(DATASET RECORDS begins)

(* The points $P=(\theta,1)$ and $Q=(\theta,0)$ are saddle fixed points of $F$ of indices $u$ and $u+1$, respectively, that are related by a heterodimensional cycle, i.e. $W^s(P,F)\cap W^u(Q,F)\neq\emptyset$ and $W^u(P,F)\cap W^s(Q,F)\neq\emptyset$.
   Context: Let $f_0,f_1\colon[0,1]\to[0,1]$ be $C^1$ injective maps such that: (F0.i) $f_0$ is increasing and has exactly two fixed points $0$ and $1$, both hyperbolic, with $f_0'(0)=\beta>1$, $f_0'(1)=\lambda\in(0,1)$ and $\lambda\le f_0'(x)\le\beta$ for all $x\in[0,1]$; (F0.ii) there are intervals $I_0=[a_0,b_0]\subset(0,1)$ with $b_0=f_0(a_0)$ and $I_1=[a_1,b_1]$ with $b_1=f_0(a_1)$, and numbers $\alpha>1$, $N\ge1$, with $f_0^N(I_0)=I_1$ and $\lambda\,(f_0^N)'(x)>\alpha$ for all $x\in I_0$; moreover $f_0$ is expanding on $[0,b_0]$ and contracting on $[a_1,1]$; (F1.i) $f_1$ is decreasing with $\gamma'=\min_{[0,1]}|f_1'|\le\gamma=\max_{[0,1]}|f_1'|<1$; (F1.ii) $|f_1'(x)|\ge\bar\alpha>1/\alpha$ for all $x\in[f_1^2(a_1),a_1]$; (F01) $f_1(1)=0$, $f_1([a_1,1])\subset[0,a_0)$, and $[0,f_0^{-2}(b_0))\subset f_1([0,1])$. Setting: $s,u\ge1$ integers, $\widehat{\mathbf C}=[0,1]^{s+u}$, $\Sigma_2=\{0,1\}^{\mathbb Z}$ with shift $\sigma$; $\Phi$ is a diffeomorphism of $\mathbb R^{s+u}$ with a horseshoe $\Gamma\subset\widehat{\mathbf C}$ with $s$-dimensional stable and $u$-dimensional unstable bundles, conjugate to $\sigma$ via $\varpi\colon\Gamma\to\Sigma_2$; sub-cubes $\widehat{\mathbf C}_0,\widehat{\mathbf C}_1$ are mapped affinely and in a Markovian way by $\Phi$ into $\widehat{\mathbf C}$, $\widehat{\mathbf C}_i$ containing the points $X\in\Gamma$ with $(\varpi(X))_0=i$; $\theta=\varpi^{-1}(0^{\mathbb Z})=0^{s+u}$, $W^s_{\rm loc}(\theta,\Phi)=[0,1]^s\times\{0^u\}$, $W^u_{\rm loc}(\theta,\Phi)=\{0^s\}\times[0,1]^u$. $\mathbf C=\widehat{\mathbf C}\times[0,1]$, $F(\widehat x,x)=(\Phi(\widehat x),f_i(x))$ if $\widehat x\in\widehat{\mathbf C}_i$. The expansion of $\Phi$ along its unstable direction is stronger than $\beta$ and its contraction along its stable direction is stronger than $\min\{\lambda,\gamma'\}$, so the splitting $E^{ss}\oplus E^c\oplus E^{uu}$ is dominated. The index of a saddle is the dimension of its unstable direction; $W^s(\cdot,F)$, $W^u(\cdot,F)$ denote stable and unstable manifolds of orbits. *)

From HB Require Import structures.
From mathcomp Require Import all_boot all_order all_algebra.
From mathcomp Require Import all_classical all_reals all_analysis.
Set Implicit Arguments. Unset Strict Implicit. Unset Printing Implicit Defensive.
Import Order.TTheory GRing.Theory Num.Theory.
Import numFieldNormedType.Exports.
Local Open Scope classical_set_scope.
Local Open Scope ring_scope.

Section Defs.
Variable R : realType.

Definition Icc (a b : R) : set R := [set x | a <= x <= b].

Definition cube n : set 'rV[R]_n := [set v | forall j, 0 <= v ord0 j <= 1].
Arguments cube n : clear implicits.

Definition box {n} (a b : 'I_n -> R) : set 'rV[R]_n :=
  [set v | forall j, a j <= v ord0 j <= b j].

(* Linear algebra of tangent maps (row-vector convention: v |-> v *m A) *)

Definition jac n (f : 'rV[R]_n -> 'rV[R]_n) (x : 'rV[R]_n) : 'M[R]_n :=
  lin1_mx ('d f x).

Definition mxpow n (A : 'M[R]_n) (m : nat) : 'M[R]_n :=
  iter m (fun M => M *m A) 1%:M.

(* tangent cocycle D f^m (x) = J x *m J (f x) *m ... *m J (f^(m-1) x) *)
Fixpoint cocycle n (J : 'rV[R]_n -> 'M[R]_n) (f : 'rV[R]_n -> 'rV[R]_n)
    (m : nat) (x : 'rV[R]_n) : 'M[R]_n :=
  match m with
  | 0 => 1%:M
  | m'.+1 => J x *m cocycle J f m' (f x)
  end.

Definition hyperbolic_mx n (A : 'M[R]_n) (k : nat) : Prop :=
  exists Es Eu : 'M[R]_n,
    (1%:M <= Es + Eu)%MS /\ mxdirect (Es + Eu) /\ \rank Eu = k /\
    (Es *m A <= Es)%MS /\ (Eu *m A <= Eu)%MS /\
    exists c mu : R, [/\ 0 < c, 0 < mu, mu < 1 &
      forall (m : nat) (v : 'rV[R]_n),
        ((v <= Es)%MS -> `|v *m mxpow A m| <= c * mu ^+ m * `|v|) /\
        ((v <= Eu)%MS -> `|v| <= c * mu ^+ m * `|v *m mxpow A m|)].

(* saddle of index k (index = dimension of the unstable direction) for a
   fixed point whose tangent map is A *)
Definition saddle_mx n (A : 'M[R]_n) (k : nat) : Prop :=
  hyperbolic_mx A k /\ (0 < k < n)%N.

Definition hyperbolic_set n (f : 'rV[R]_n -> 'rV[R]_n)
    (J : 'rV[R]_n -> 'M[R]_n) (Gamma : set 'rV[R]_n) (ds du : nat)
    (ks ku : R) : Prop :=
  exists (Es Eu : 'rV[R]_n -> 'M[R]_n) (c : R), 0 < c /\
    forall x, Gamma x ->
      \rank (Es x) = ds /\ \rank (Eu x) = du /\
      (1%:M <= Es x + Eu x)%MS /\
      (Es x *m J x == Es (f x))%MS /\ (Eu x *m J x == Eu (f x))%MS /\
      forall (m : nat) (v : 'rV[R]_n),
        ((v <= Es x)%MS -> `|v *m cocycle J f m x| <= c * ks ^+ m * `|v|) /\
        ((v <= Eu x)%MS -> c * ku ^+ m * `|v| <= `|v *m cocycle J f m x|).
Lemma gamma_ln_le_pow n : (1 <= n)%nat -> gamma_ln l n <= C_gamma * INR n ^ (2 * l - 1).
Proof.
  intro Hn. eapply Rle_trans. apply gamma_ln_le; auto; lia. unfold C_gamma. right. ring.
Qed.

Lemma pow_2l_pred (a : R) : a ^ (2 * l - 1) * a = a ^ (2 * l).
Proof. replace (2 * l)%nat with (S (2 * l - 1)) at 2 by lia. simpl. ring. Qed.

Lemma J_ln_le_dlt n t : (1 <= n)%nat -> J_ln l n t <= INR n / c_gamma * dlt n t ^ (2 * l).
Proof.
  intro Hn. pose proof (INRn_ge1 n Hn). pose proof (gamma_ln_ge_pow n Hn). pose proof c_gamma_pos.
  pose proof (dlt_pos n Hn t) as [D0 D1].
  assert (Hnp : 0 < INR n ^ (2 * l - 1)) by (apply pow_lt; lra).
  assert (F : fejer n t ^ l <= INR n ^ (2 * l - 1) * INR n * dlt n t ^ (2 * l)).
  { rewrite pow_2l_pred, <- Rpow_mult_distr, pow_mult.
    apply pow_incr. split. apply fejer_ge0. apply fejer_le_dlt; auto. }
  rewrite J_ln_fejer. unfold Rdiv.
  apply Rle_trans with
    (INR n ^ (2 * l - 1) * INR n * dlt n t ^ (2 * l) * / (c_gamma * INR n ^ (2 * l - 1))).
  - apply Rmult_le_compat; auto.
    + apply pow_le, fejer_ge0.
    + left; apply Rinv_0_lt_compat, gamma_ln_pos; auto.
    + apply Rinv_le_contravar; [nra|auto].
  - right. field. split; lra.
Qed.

(DATASET RECORDS ends)

▸ **ACTION ITEM**
Where in the records above does the word "Open" appear? Copy each line that holds it.

▸ **WRITTEN SOLUTION**
Local Open Scope classical_set_scope.
Local Open Scope ring_scope.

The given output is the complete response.